Awesome
MM-CSF or MixedMode-CSF is a CSF based storage format that partitions the tensor's nonzero elements into disjoint sections, each of which is compressed to create fibers along a different mode. It enables high-performance, compressed, and load-balanced execution of tensor kernels on GPUs. Currently, it supports MTTKRP kernel from CP decomposition. In future, we plan to extend it to support all generic sparse tensor kernels. This is a followup work of BCSF (https://ieeexplore.ieee.org/document/8821030), published in IPDPS'2019. Details of MM-CSF be found in the following links:
Paper:https://dl.acm.org/doi/abs/10.1145/3295500.3356216
Slides:http://sc19.supercomputing.org/proceedings/tech_paper/tech_paper_files/pap513s5.pdf
Tensor format
The input format is expected to start with the number of dimension of the tensor followed by the length of each dimension in the next line. The following lines will have the coordinates and values of each nonzero elements.
An example of a 3x3x3 tensor - toy.tns:
3
3 3 3
1 1 1 1.00
1 2 2 2.00
1 3 1 10.00
2 1 3 7.00
2 3 1 6.00
2 3 2 5.00
3 1 3 3.00
3 2 2 11.00
Build requirements:
- GCC Compiler
- CUDA SDK
- Boost C++
- OpenMP
- LAPACK
Build
Set LAPACK_HOME path in the Makefile.
$ cd src && make
Run
Example:
1.mttkrp using COO format on CPU:
$ ./src/mttkrp -i toy.tns -m 0 -R 32 -t 1 -f 128
2.mttkrp using BCSF format on GPU:
$ ./src/mttkrp -i toy.tns -m 0 -R 32 -t 8 -f 128
3.mttkrp using MM-CSF format on GPU:
$ ./src/mttkrp -i toy.tns -m 0 -R 32 -t 12 -f 128 -w 1
More examples can be found in the scripts folder.
To see all the options:
./mttkrp --help
options:
-R rank/feature : set the rank (default 32)
-m mode : set the mode of MTTKRP (default 0, MMCSF evaluates all modes)
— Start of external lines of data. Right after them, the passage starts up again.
(* Let $G$, $K$, the faces $F_1,\dots,F_c$, the domain $\mathcal{D}_G$, the functions $\mathcal{A}_k$ and the sets $\mathcal{Q}(\vec q)$ be as in the context, and fix $\vec q=(q_1,\dots,q_c)\in\mathbb{Z}^c$. For every $\vec\varepsilon\in\mathcal{Q}(\vec q)$ there is a configuration $\theta\in\mathbb{R}^n$, unique up to the equivalence described in the context, such that for every edge $e$ and every bounded face $F_k$ whose counterclockwise boundary traversal passes through $e$ from vertex $a$ to vertex $b$, one has $\Delta_{ab}=\delta_k(e;\vec\varepsilon)$. This configuration is a stable fixed point with all angle differences in $[-\pi/2,\pi/2]$ and with winding vector $\vec q$. The resulting map from $\mathcal{Q}(\vec q)$ to the set of (equivalence classes of) stable fixed points with all angle differences in $[-\pi/2,\pi/2]$ and winding vector $\vec q$ is a bijection.
   Context: Let $G$ be a finite connected planar graph with vertices $1,\dots,n$ and $m$ edges, such that every edge of $G$ lies on at least one cycle of $G$, and fix a planar embedding of $G$. Let $F_1,\dots,F_c$ ($c=m-n+1$) be the bounded faces of the embedding; each edge borders exactly two faces (possibly one of them the unbounded one). For $k\neq \ell$ let $m_{k\ell}$ be the number of edges bordering both $F_k$ and $F_\ell$, let $m_k$ be the number of edges bordering $F_k$ and the unbounded face, and let $n_k=m_k+\sum_{\ell\neq k}m_{k\ell}$ be the number of edges on the boundary of $F_k$. Fix a coupling constant $K>0$ and consider the Kuramoto model $\dot\theta_i=-K\sum_{j\sim i}\sin(\theta_i-\theta_j)$, $i=1,\dots,n$ ($j\sim i$ means $j$ is adjacent to $i$). A fixed point is $\theta\in\mathbb{R}^n$ with $\sum_{j\sim i}\sin(\theta_i-\theta_j)=0$ for all $i$; two configurations are considered equal if they differ by adding one common constant to all $\theta_i$ and/or integer multiples of $2\pi$ to individual $\theta_i$. For adjacent $i,j$, $\Delta_{ij}$ denotes $\theta_i-\theta_j$ reduced modulo $2\pi$ into $(-\pi,\pi]$ (so $\Delta_{ji}=-\Delta_{ij}$ unless $\Delta_{ij}=\pi$). The stability matrix $M$ has entries $M_{ij}=K\cos(\theta_i-\theta_j)$ if $i\sim j$, $M_{ii}=-\sum_{k\sim i}K\cos(\theta_i-\theta_k)$, and $M_{ij}=0$ otherwise; a fixed point is stable if $M$ is negative semidefinite. The winding vector of a fixed point is $\vec q=(q_1,\dots,q_c)$, where $q_k=\frac{1}{2\pi}\sum \Delta_{ab}$, the sum running over the edges of the boundary of $F_k$ traversed counterclockwise, each edge traversed from $a$ to $b$; each $q_k$ is an integer. Define $\mathcal{D}_G=\{\vec\varepsilon\in\mathbb{R}^c: |\varepsilon_k|\le 1 \text{ whenever } m_k>0,\ |\varepsilon_k-\varepsilon_\ell|\le 1\text{ whenever } m_{k\ell}>0\}$. For $\vec\varepsilon\in\mathcal{D}_G$, an edge $e$ and a bounded face $F_k$ bordered by $e$, set $\delta_k(e;\vec\varepsilon)=\arcsin(\varepsilon_k)$ if the other face bordered by $e$ is the unbounded face and $\delta_k(e;\vec\varepsilon)=\arcsin(\varepsilon_k-\varepsilon_\ell)$ if it is $F_\ell$. Define $\mathcal{A}_k(\vec\varepsilon)=m_k\arcsin(\varepsilon_k)+\sum_{\ell\neq k}m_{k\ell}\arcsin(\varepsilon_k-\varepsilon_\ell)$ and, for $\vec q\in\mathbb{Z}^c$, $\mathcal{Q}(\vec q)=\{\vec\varepsilon\in\mathcal{D}_G:\mathcal{A}_k(\vec\varepsilon)=2\pi q_k\text{ for all }k=1,\dots,c\}$. *)

From HB Require Import structures.
From mathcomp Require Import all_boot all_order all_algebra.
From mathcomp Require Import all_classical all_reals all_analysis.
Set Implicit Arguments. Unset Strict Implicit. Unset Printing Implicit Defensive.
Import Order.TTheory GRing.Theory Num.Theory.
Local Open Scope ring_scope.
-v verbose: set to 1 to enable
-t implementation type: 1: COO CPU, 3: COO GPU 8: B-CSF 10: HB-CSF 12: MM-CSF on GPU (default 1)
-f fiber-splitting threshold: set the maximum length (nnz) for each fiber. Longer fibers will be split (default inf)
-w warp per slice: set number of WARPs assign to per slice (default 4)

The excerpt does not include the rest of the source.